The Maria Thun Calendar is "...presented in colour with clear symbols and explanations and includes Thun's unique insights, which go above and beyond the standard information presented in some other lunar calendars."
The third defining element of biodynamics is a sense of spirituality with regards to the earth, and all living and natural things existing upon it. It is this esoteric element, anthroposophy, that is generally misunderstood and rejected by its critics even though there is evidence it's successful.
“The movement is controversial because at its core it is a philosophy, not a science,” says Linda Chalker-Scott, associate professor and urban horticulturist at the Center for Precision and Automated Agricultural Systems at Washington State University. “It is an entanglement of some good, science-based organic practices with alchemy, astrology, and homeopathy. As long as biodynamic preparations continue to be at the heart of the movement, it will continue to be questioned by the scientific community.”
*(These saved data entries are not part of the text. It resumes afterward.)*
(* Let $\mathcal{S}$ be a locating-dominating set of $G_{2,m}=P_2\square P_m$, with vertices labeled $v_1,\dots,v_{2m}$ as described in the context. Suppose there is a $(2\times 4)$-block $\mathcal{B}$ of $G_{2,m}$ consisting of the vertices $v_i,\dots,v_{i+7}$ such that $|\mathcal{B}\cap\mathcal{S}|=2$. Then $i\neq 1$, $i+7\neq 2m$, and $v_{i-2},v_{i-1},v_{i+8},v_{i+9}\in\mathcal{S}$.
   Context: $P_n$ is the path on $n$ vertices, $\square$ the Cartesian product, and $G_{n,m}=P_n\square P_m$ is viewed as a grid with $n$ rows and $m$ columns. Vertices are labeled column by column: the vertex in row $r$ ($1\le r\le n$) and column $c$ ($1\le c\le m$) is $v_{r+n(c-1)}$; vertices in the same column (or same row, adjacent columns) are adjacent as in the grid. A $(n\times \ell)$-block is the set of vertices in $\ell$ consecutive columns. For $C\subseteq V(G)$ and $v\in V(G)$ let $I(v)=N[v]\cap C$ ($N[v]$ the closed neighborhood). $C$ is a locating-dominating set if $I(v)\neq\emptyset$ for all $v\in V(G)\setminus C$ and $I(u)\neq I(v)$ for all distinct $u,v\in V(G)\setminus C$. *)

From mathcomp Require Import all_boot.
Set Implicit Arguments. Unset Strict Implicit. Unset Printing Implicit Defensive.

Definition gvertex (n m k : nat) : bool := (1 <= k) && (k <= n * m).

Definition grow (n k : nat) : nat := (k - 1) %% n + 1.
Definition gcol (n k : nat) : nat := (k - 1) %/ n + 1.

Definition gadj (n m u v : nat) : bool :=
  [&& gvertex n m u, gvertex n m v &
   ((gcol n u == gcol n v) && ((grow n u == (grow n v).+1) || (grow n v == (grow n u).+1)))
   || ((grow n u == grow n v) && ((gcol n u == (gcol n v).+1) || (gcol n v == (gcol n u).+1)))].

Definition gclosed_nbhd (n m v u : nat) : bool :=
  (gvertex n m v && (u == v)) || gadj n m v u.

Definition Iset (n m : nat) (C : pred nat) (v : nat) : pred nat :=
  fun u => gclosed_nbhd n m v u && C u.

Definition locating_dominating (n m : nat) (C : pred nat) : Prop :=
  (forall k, C k -> gvertex n m k) /\
  (forall v, gvertex n m v -> ~~ C v -> exists u, Iset n m C v u) /\
  (forall u v, gvertex n m u -> gvertex n m v -> ~~ C u -> ~~ C v -> u <> v ->
     exists w, Iset n m C u w != Iset n m C v w).

(* the (n x l)-block made of columns c, ..., c+l-1 (requires 1 <= c, c+l-1 <= m):
   its vertices are v_i, ..., v_{i + n*l - 1} with i = n*(c-1)+1 *)
Definition block_start (n m l i : nat) : Prop :=
  exists c, [/\ 1 <= c, c + l - 1 <= m & i = n * (c - 1) + 1].

From mathcomp Require Import all_boot zify.

Set Implicit Arguments.
Unset Strict Implicit.
Unset Printing Implicit Defensive.

(* The closed neighbourhood of a vertex of the block lies in the window made of
   the block and the two columns on either side of it, so the
   locating-dominating conditions at the eight block vertices only involve the
   twelve bits of S on that window.  An exhaustive check of all 2^12 patterns
   shows that whenever exactly two block bits are set and these conditions
   hold, the four bits outside the block are set as well; those vertices then
   exist, so the block is neither the first nor the last one. *)

(* Adjacency in the ladder P_2 \square P_oo: odd vertices form the first row. *)
Definition ladder_adj (u v : nat) : bool :=
  [|| v == u + 2, u == v + 2, odd u && (v == u + 1) | odd v && (u == v + 1)].

Lemma gadj2E m u v :
  gadj 2 m u v = [&& gvertex 2 m u, gvertex 2 m v & ladder_adj u v].
Proof. by rewrite /gadj /gvertex /grow /gcol /ladder_adj; apply/idP/idP; lia. Qed.

Lemma ladder_adj_addl d u v :
  ~~ odd d -> ladder_adj (d + u) (d + v) = ladder_adj u v.
Proof.
by move=> even_d; rewrite /ladder_adj !oddD (negbTE even_d) -!addnA !eqn_add2l.
Qed.

Lemma gclosed_nbhd2_near m v u : gclosed_nbhd 2 m v u -> v - 2 <= u <= v + 2.
Proof.
rewrite /gclosed_nbhd gadj2E /ladder_adj.
case/orP=> [/andP[_ /eqP ->] | /and3P[_ _]]; first lia.
by case/or4P=> [/eqP | /eqP | /andP[_ /eqP] | /andP[_ /eqP]] ->; lia.
Qed.

(* Position k of the window of the block starting at v_i stands for v_(i+k-2)
   (for i = 1, truncated subtraction sends positions 0 and 1 to the non-vertex
   0).  As i is odd, v_(i+k-2) lies in the first row iff k.+1 is odd. *)
Definition window (S : pred nat) (i : nat) : seq bool :=
  [seq S (i + k - 2) | k <- iota 0 12].

Definition window_I (w : seq bool) (j k : nat) : bool :=
  nth false w k && ((k == j) || ladder_adj j.+1 k.+1).

Definition window_dominated (w : seq bool) (j : nat) : bool :=
  nth false w j || has (window_I w j) (iota 0 12).

Definition window_separated (w : seq bool) (j k : nat) : bool :=
  [|| nth false w j, nth false w k, j == k |
      has (fun l => window_I w j l != window_I w k l) (iota 0 12)].

Definition block_locating (w : seq bool) : bool :=
  all (window_dominated w) (iota 2 8) &&
  all (fun j => all (window_separated w j) (iota 2 8)) (iota 2 8).

(* Nested [if]s rather than [&&]: [vm_compute] is call-by-value, and this
   skips [block_locating] on all but the 448 patterns with two block bits. *)
Definition border_forced (w : seq bool) : bool :=
  let x := nth false w in
  if count x (iota 2 8) == 2 then
    if block_locating w then [&& x 0, x 1, x 10 & x 11] else true
  else true.

Fixpoint bitseqs (n : nat) : seq (seq bool) :=
  if n is n'.+1 then map (cons true) (bitseqs n') ++ map (cons false) (bitseqs n')
  else [:: [::]].

Lemma bitseqsP n (s : seq bool) : size s = n -> s \in bitseqs n.
Proof.
elim: n s => [|n IHn] [|b s] //= [/IHn s_in].
by rewrite mem_cat; case: b; rewrite map_f ?orbT.
Qed.

Lemma border_forced_all : all border_forced (bitseqs 12).
Proof. vm_compute. reflexivity. Qed.

Lemma block_locating_border (w : seq bool) :
  size w = 12 -> count (nth false w) (iota 2 8) = 2 -> block_locating w ->
  [&& nth false w 0, nth false w 1, nth false w 10 & nth false w 11].
Proof.
move=> /bitseqsP w_in two_in_block loc_w.
by have := allP border_forced_all w w_in; rewrite /border_forced two_in_block eqxx loc_w.
Qed.

Lemma nth_window S i k : k < 12 -> nth false (window S i) k = S (i + k - 2).
Proof. by move=> k_lt; rewrite (nth_map 0) ?size_iota // nth_iota. Qed.

Lemma count_window S i :
  count S (iota i 8) = count (nth false (window S i)) (iota 2 8).
Proof.
rewrite [RHS](eq_in_count (a2 := fun k => S (i + k - 2))); last first.
  by move=> k; rewrite mem_iota => k_in; rewrite nth_window //; lia.
rewrite -[in LHS](addn0 i) iotaDl -[iota 2 8]/(iota (2 + 0) 8) iotaDl !count_map.
by apply: eq_count => k /=; congr S; lia.
Qed.

Section BlockWindow.

Variables (m : nat) (S : pred nat) (i : nat).
Hypotheses (odd_i : odd i) (block_in : i + 7 <= 2 * m).
Hypothesis ld : locating_dominating 2 m S.

Let w := window S i.

Lemma gvertex_block j : 2 <= j < 10 -> gvertex 2 m (i + j - 2).
Proof. by rewrite /gvertex; lia. Qed.

Lemma Iset_window j k : 2 <= j < 10 -> k < 12 ->
  Iset 2 m S (i + j - 2) (i + k - 2) = window_I w j k.
Proof.
move=> j_in k_lt; rewrite /Iset /window_I nth_window // andbC.
case Sk: (S (i + k - 2)) => //=.
have /andP[k_pos _] := ld.1 _ Sk.
have eq_vertex : (i + k - 2 == i + j - 2) = (k == j) by apply/eqP/eqP; lia.
have shift_j : 2 + (i + j - 2) = (i - 1) + j.+1 by lia.
have shift_k : 2 + (i + k - 2) = (i - 1) + k.+1 by lia.
have even_i1 : ~~ odd (i - 1) by lia.
rewrite /gclosed_nbhd gadj2E gvertex_block // (ld.1 _ Sk) eq_vertex /=.
by rewrite -(ladder_adj_addl (d := 2)) // shift_j shift_k ladder_adj_addl.
Qed.

Lemma Iset_window_support j u : 2 <= j < 10 ->
  Iset 2 m S (i + j - 2) u -> exists2 k, k < 12 & u = i + k - 2.
Proof.
move=> j_in /andP[/gclosed_nbhd2_near near_u _].
by exists (u + 2 - i); lia.
Qed.

Lemma Iset_window_witness j u : 2 <= j < 10 -> Iset 2 m S (i + j - 2) u ->
  exists2 k, k \in iota 0 12 &
    forall j', 2 <= j' < 10 -> Iset 2 m S (i + j' - 2) u = window_I w j' k.
Proof.
move=> j_in Iu; have [k k_lt ->] := Iset_window_support j_in Iu.
by exists k; rewrite ?mem_iota // => j' j'_in; rewrite Iset_window.
Qed.

Lemma window_locating : block_locating w.
Proof.
have [_ [dom sep]] := ld.
apply/andP; split; apply/allP => j; rewrite mem_iota => j_in.
  rewrite /window_dominated; have [//|Sj] := boolP (nth false w j).
  rewrite nth_window in Sj; last lia.
  have [u Iu] := dom _ (gvertex_block j_in) Sj.
  have [k k_in Ik] := Iset_window_witness j_in Iu.
  by apply/orP; right; apply/hasP; exists k; rewrite // -Ik.
apply/allP => k; rewrite mem_iota => k_in.
have [j_lt k_lt] : j < 12 /\ k < 12 by lia.
rewrite /window_separated !nth_window //.
have [//|Sj] := boolP (S (i + j - 2)); have [//|Sk] := boolP (S (i + k - 2)).
have [//|j_neq_k] := eqVneq j k.
rewrite !orFb.
have [|u sep_u] := sep _ _ (gvertex_block j_in) (gvertex_block k_in) Sj Sk.
  by move: j_neq_k => /eqP; lia.
have [Ij|Ij] := boolP (Iset 2 m S (i + j - 2) u).
  have [l l_in Il] := Iset_window_witness j_in Ij.
  by apply/hasP; exists l; rewrite // -!Il.
have Ik : Iset 2 m S (i + k - 2) u.
  by apply: contraNT sep_u => /negbTE ->; rewrite (negbTE Ij).
have [l l_in Il] := Iset_window_witness k_in Ik.
by apply/hasP; exists l; rewrite // -!Il.
Qed.

End BlockWindow.

Theorem lemma4p4 (m : nat) (S : pred nat) (i : nat) :
  locating_dominating 2 m S ->
  block_start 2 m 4 i ->
  count S (iota i 8) = 2 ->
  [/\ i <> 1, i + 7 <> 2 * m, S (i - 2), S (i - 1) & (S (i + 8) && S (i + 9))].
Proof.
move=> ld [c [c_pos c_le i_def]] two_in_block.
have odd_i : odd i by rewrite i_def addn1 /= oddM.
have block_in : i + 7 <= 2 * m by lia.
have := block_locating_border _ _ (window_locating odd_i block_in ld).
rewrite size_map size_iota -count_window => /(_ erefl two_in_block).
rewrite !nth_window // => /and4P[S0 S1 S10 S11].
have /andP[left_col _] := ld.1 _ S0; have /andP[_ right_col] := ld.1 _ S11.
have [-> -> -> ->] : [/\ i - 2 = i + 0 - 2, i - 1 = i + 1 - 2,
  i + 8 = i + 10 - 2 & i + 9 = i + 11 - 2] by split; lia.
by split=> //; [lia | lia | rewrite S10].
Qed.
While the more spiritual and unconventional aspects of biodynamics don’t appeal to all farmers, for some, a personal connection to the land is crucial to their agricultural practice. “You may find some who practice biodynamic because it is a sound agronomic system that delivers real benefits to the farm like healthier soil, better crops, more vibrant ecology,” Candelario says. “You may also find some biodynamic farmers who would agree with all that plus they may describe their personal relationship with their farm that speaks to a deeper connection with the farm and its place in nature.”
The biodynamic preparations are required for Demeter certification, but adherence to the lunar calendar and belief in anthroposophy are not.
If you would like to farm biodyamically but you don't have animals and cannot make your own preparations they can be purchased from the Josephine Porter Institute.